The Telekom Austria Group has confirmed that as of 25 November, approximately 15.012% of its shares are now held directly and indirectly by Ronny Pecik’s RPR Privatstiftung investment vehicle, which also holds indirect call options to acquire additional 0.790% of the company’s shares. The announcement follows RPR Privatstiftung’s exercising of its existing call options for 5.4% of the group’s shares, which were previously acquired via its indirect 100% subsidiary Marathon Zwei Beteiligungs on 17 October 2011. In addition, Marathon has acquired call options for an additional 9.5% of Telekom Austria shares, which were immediately exercised. This means that Marathon now holds a total of 14.980% of Telekom Austria’s shares. Elsewhere, Everest Investment, a 100% subsidiary of RPR Privatstiftung, owns a further 0.030% of Telekom Austria’s shares, with call options in place to acquire an additional 0.790% of the telco, prior to 15 March 2012. In total, this represents direct and indirect holdings of 15.810% in the telecoms group via shares and options.
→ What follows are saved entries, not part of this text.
(* Let $g\colon\mathbb{S}^1\to\mathbb{S}^1$ be an orientation-preserving $L$-bi-Lipschitz homeomorphism (with respect to $\sigma$), and let $\psi\colon Z_2\to Z_2$ be the map obtained from its radial extension as in the context. Then $\psi$ is $L$-bi-Lipschitz with respect to $\sigma$.
   Context: Let $\mathbb{S}^2\subset\mathbb{R}^3$ be the unit sphere with great-circle distance $\sigma$, $\mathbb{S}^1$ the equator, $Z_2$ the open northern hemisphere ($(0,0,1)\in Z_2$). Let $P(x_1,x_2,x_3)=(x_1,x_2)/(1+x_3)$ be the stereographic projection from the south pole $(0,0,-1)$ onto $\mathbb{R}^2$; it fixes $\mathbb{S}^1$ (identified with the unit circle) and maps $Z_2$ onto the open unit disk. Set $\widetilde g=P\circ g\circ P^{-1}$ on the unit circle, and let $\widetilde G\colon\mathbb{R}\to\mathbb{R}$ be a homeomorphism with $\widetilde g(e^{i\theta})=e^{i\widetilde G(\theta)}$. The radial extension is $\widetilde\psi(re^{i\theta})=re^{i\widetilde G(\theta)}$ for $0\le r\le1$, and $\psi=P^{-1}\circ\widetilde\psi\circ P|_{Z_2}$. *)

From Stdlib Require Import Reals Lra.
Open Scope R_scope.

Definition pt3 : Type := (R * R * R)%type.

Definition px (p : pt3) : R := fst (fst p).
Definition py (p : pt3) : R := snd (fst p).
Definition pz (p : pt3) : R := snd p.

Definition dot3 (p q : pt3) : R := px p * px q + py p * py q + pz p * pz q.

Definition on_S2 (p : pt3) : Prop := dot3 p p = 1.
Definition on_S1 (p : pt3) : Prop := on_S2 p /\ pz p = 0.
Definition in_Z2 (p : pt3) : Prop := on_S2 p /\ 0 < pz p.

Definition gc_dist (p q : pt3) : R := acos (dot3 p q).

Definition eq_pt (t : R) : pt3 := (cos t, sin t, 0).

Definition bi_lipschitz_on (A : pt3 -> Prop) (L : R) (f : pt3 -> pt3) : Prop :=
  0 < L /\
  forall p q, A p -> A q ->
    gc_dist p q / L <= gc_dist (f p) (f q) <= L * gc_dist p q.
As previously reported by TeleGeography’s CommsUpdate, since early September speculation has been rife that Telekom Austria was being eyed as a so-called ‘hostile takeover’ target by an international investor group comprising Vienna-based tycoon Pecik and Egyptian telecoms entrepreneur Naguib Sawiris, an investor in Pecik’s Marathon vehicle. Last month Pecik denied that he was Sawiris’s puppet, commenting: ‘I definitely rule out that I am a front man for anyone. I have never been a front man. I always bought companies at my own risk, and I have had a lot of sleepless nights because of that’. For his part, Sawiris recently pledged 4.23% of his shareholding in Russian telecoms group Vimpelcom as collateral against a USD600 million loan, further stoking speculation.
In related news Format Magazine has reported that a group of Oman-based investors has shown interest in buying the Austrian government’s 28.4% stake in the Telekom Austria Group. Acting on behalf of an as-yet unnamed investor group, local businessman Mirko Kovats wrote to the head of state holding company OIAG to sound out the government’s interest in a potential deal. In its reply to Kovats, the former head of bankrupt Austrian engineering group A-TEC, OIAG dismissed the enquiry, describing itself a ‘stable core shareholder’.